Pijou answered, “No, and they probably never will. You don't know our police. It's been two weeks since the killing. The trail is ice-cold.”
“And so, of course, will the food be if you do not come at once!” Marie stood in the doorway to the salon, a wide tray of glittering drink glasses in her hands. She smiled at her guests but looked meaningfully at Pijou who shrugged and got to her feet with everyone else.
“I believe,” Marie continued brightly as her guests filed past her into the dining room, “that tonight, Brigitte and Pijou's Papa has created a true masterpiece!”
4
The high paneled walls of the dining room were covered with beautiful oil paintings--each encased in a heavy gilt frame. A waist-high mahogany bookcase encircled the room, the leather-bound backs of its books stamped in gold. On the tops of the bookcase, Marie had clustered a thick array of memorabilia and art. Silver teapots stuffed with quivering, pale peonies, little folded silk fans in soft green and pink moires, black and white family pictures displayed in antique frames of silver and painted wood. Two large matching lamps, their pleated paisley shades dramatic and bold, seemed to flood the dining room table with carefully placed swathes of light.
The guests seated themselves around the table, a painted 19th-century French country piece, which was in complete contrast to the almost painfully-traditional tone of the room. Maggie noted that it all worked well together. But she would never have believed it without having seen it.

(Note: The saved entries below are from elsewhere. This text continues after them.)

Lemma exists_cV2_avoid (I : eqType) (s : seq I) (w : I -> 'rV[C]_2) :
  {in s, forall i, w i != 0} ->
  exists2 u0 : 'cV[C]_2, u0 != 0 & {in s, forall i, w i *m u0 != 0}.
Proof.
move=> w_neq0.
have [|t Ht] :=
  exists_nonroot_linear (s := s) (a := fun i => w i 0 0) (b := fun i => w i 0 1).
  by move=> i /w_neq0; rewrite rV2_eq0 negb_and.
exists (delta_mx 0 0 + t *: delta_mx 1 0).
  by rewrite cV2_eq0 !mxE /= mulr0 addr0 oner_eq0.
move=> i i_s; apply: contraNneq (Ht i i_s).
rewrite mulmxDr -scalemxAr -!colE => /matrixP/(_ 0 0).
by rewrite !mxE /= [t * _]mulrC => ->.
Qed.

Lemma exists_shear_avoid (I J : eqType) (su : seq I) (u : I -> 'cV[C]_2)
    (sw : seq J) (w : J -> 'rV[C]_2) :
  {in su, forall i, u i != 0} -> {in sw, forall j, w j != 0} ->
  exists s, {in su, forall i, (invmx (shear s) *m u i) 0 0 != 0} /\
            {in sw, forall j, (w j *m shear s) 0 1 != 0}.
Proof.
move=> u_neq0 w_neq0.
pose ps := [seq (u i 0 0, - u i 1 0) | i <- su] ++ [seq (w j 0 1, w j 0 0) | j <- sw].
have [|s Hs] := exists_nonroot_linear (s := ps) (a := fst) (b := snd).
  move=> x; rewrite mem_cat => /orP [] /mapP [i i_in ->] /=.
    by rewrite oppr_eq0 -negb_and -cV2_eq0 u_neq0.
  by rewrite orbC -negb_and -rV2_eq0 w_neq0.
exists s; split=> [i i_su | j j_sw].
  have := Hs (u i 0 0, - u i 1 0); rewrite mem_cat map_f //= => /(_ isT).
  rewrite invmx_shear mulmx2E !shearE /= mulr0 addr0 mul1r add0r mulr1.
  by rewrite !mulNr [s * _]mulrC.
have := Hs (w j 0 1, w j 0 0); rewrite mem_cat map_f ?orbT //= => /(_ isT).
by rewrite mulmx2E !shearE /= mulr0 addr0 add0r !mulr1 addrC.
Qed.

End Avoidance.

Definition grid (m : nat) (n : nat -> nat) : seq pt :=
  [seq (l, p) | l <- iota 0 m, p <- iota 0 (n l)].

Lemma mem_grid m n l p : ((l, p) \in grid m n) = (l < m)%N && (p < n l)%N.
Proof.
apply/allpairsPdep/andP => [[l' [p' [+ + [-> ->]]]]|[lm pn]].
  by rewrite !mem_iota.
by exists l, p; rewrite !mem_iota.
Qed.

Local Open Scope complex_scope.

Theorem theoremB (R : realType) (o0 : seq bool) (ss : seq slice)
  (ls : seq (seq bool)) (g : pt -> 'M[R[i]]_2) (L : pt -> 'rV[R[i]]_2) :
  levels o0 ss = Some ls ->
  dec_coloring ss ls g L ->
  exists h : 'M[R[i]]_2, \det h = 1 /\
    exists u : pt -> 'cV[R[i]]_2,
      shadow_coloring ss ls (fun x => invmx h *m g x *m h) u /\
      admissible ls (fun x => L x *m h) u.
Proof.
move=> Hls Hcol.
pose points := grid (size ls) (fun l => size (nth [::] ls l)).
pose regions := grid (size ls) (fun l => (size (nth [::] ls l)).+1).
pose T (x : pt) := transfer (level_mx g (nth [::] ls x.1) x.1) x.2.
pose up (x : pt) := (x.1, up_reg (nth false (nth [::] ls x.1) x.2) x.2).
have [|u0 u0_neq0 LTu0_neq0] :=
  exists_cV2_avoid (s := points) (w := fun x => L x *m T (up x)).
  case=> l p; rewrite mem_grid => /andP [lL pL].
  exact: (coloring_transfer_neq0 Hcol).
have u_shadow := transfer_shadow_coloring Hls Hcol u0_neq0.
have [||s [hu_neq0 Lh_neq0]] :=
  exists_shear_avoid (su := regions) (u := fun x => T x *m u0) (sw := points) (w := L).
- by case=> l r; rewrite mem_grid ltnS => /andP [lL rL]; exact: u_shadow.1.
- by case=> l p; rewrite mem_grid => /andP [lL pL]; exact: (coloring_line_neq0 Hcol).
exists (shear s); split; first exact: det_shear.
exists (fun x => invmx (shear s) *m (T x *m u0)); split.
  exact: shadow_coloring_conj (shear_unit s) u_shadow.
apply: admissible_conj (shear_unit s) _ _ _ => l p lL pL.
- by apply: hu_neq0; rewrite mem_grid ltnS lL pL.
- by apply: Lh_neq0; rewrite mem_grid lL pL.
- by rewrite mulmxA; apply: LTu0_neq0; rewrite mem_grid lL pL.
Qed.
Lemma dist_sqr_le k t : (k <= t.+1)%N ->
  dist k ^+ 2 <= dist t.+1 ^+ 2 + 4 * rb t.+1 * (rb t.+1 + dist0).
Proof.
move=> kt; have r_gt0 := rbar_gt0 t.+1.
have close : dist k <= dist t.+1 + 2 * rb t.+1.
  have := ler_edistD (y k) (y t.+1) u; have := ler_edistD (y k) (x 0%N) (y t.+1).
  rewrite (edistC (x 0%N)) -/(dist k) -/(dist t.+1).
  have := rbar_ge_y k; have := rbar_ge_y t.+1; have := rbar_le kt; lra.
have := dist_le kt; have := dist_le (leqnn t.+1).
have := enorm_ge0 (y k - u); have := enorm_ge0 (y t.+1 - u); rewrite -!/(dist _).
nra.
Qed.

Lemma sum_dist_telescope_le t :
  \sum_(k < t.+1) gamy k * (dist k ^+ 2 - dist k.+1 ^+ 2) / 2
  <= 2 * gamy t * rb t.+1 * (rb t.+1 + dist0).
Proof.
have := abel_telescope_le gamy_le_gamyS (fun k => sqrtr_ge0 _) (fun k => dist_sqr_le (t:=t)).
by rewrite -mulr_suml; lra.
Qed.

Local Notation Q := (Qpre x y reps grad).

Lemma QpreS k : Q k.+1 = Q k + sqrtq k ^+ 2.
Proof. by rewrite /Qpre big_ord_recr /= /qq /sqrtq [in RHS]exprMn. Qed.

Lemma Qpre_ge0 k : 0 <= Q k.
Proof. by apply: sumr_ge0 => i _; rewrite mulr_ge0 ?sqr_ge0. Qed.

Definition rootQ k := Num.sqrt (Q k).

Lemma rootQ0 : rootQ 0 = 0.
Proof. by rewrite /rootQ /Qpre big_ord0 sqrtr0. Qed.

Lemma rootQ_ge0 k : 0 <= rootQ k.
Proof. exact: sqrtr_ge0. Qed.

Lemma rootQ_sqrS k : rootQ k.+1 ^+ 2 = rootQ k ^+ 2 + sqrtq k ^+ 2.
Proof. by rewrite !sqr_sqrtr ?Qpre_ge0 // QpreS. Qed.

Lemma sqrtq_le_smooth beta k : smooth_on K grad beta -> 0 <= beta ->
  sqrtq k <= 2 * beta * dx k.
Proof.
move=> smooth beta0; have := smooth _ _ (xbar_in k) (zbar_in k).
have wk_ge0 : 0 <= w k / wsum k by rewrite divr_ge0 // ltW ?wgt_gt0 ?wsum_gt0.
rewrite xbar_sub_zbar enormZ ger0_norm // -/(dx k).
move=> /(ler_wpM2l (alpha_ge0 k)); rewrite -/(sqrtq k) => /le_trans; apply.
have aw : alpha x y reps k * w k / wsum k <= 2.
  by rewrite ler_pdivrMr ?wsum_gt0 ?alpha_wgt_le.
have bd : 0 <= beta * dx k by rewrite mulr_ge0 ?enorm_ge0.
have -> : alpha x y reps k * (beta * (w k / wsum k * dx k))
        = beta * dx k * (alpha x y reps k * w k / wsum k) by ring.
by have := ler_wpM2l bd aw; lra.
Qed.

“You will have to use this meal in your book, yes?” Marie asked eagerly as she set Maggie's soup bowl down in front of her.
“Marie!” René bellowed to his wife from the kitchen.
“You are writing a book?” Yves frowned at Maggie from across the table.
“Of course, Maggie is writing a cook book,” Brigitte said. “Haven’t you been listening? A French cookbook.”
“You are a cook?” Yves asked, speaking to Maggie but looking at Laurent.
Here we go again, Maggie thought.
“Well, not as such,” she said.
“She cooks,” Laurent said, sipping his soup.
“I....” Maggie stared at Laurent in disbelief. “I...do?”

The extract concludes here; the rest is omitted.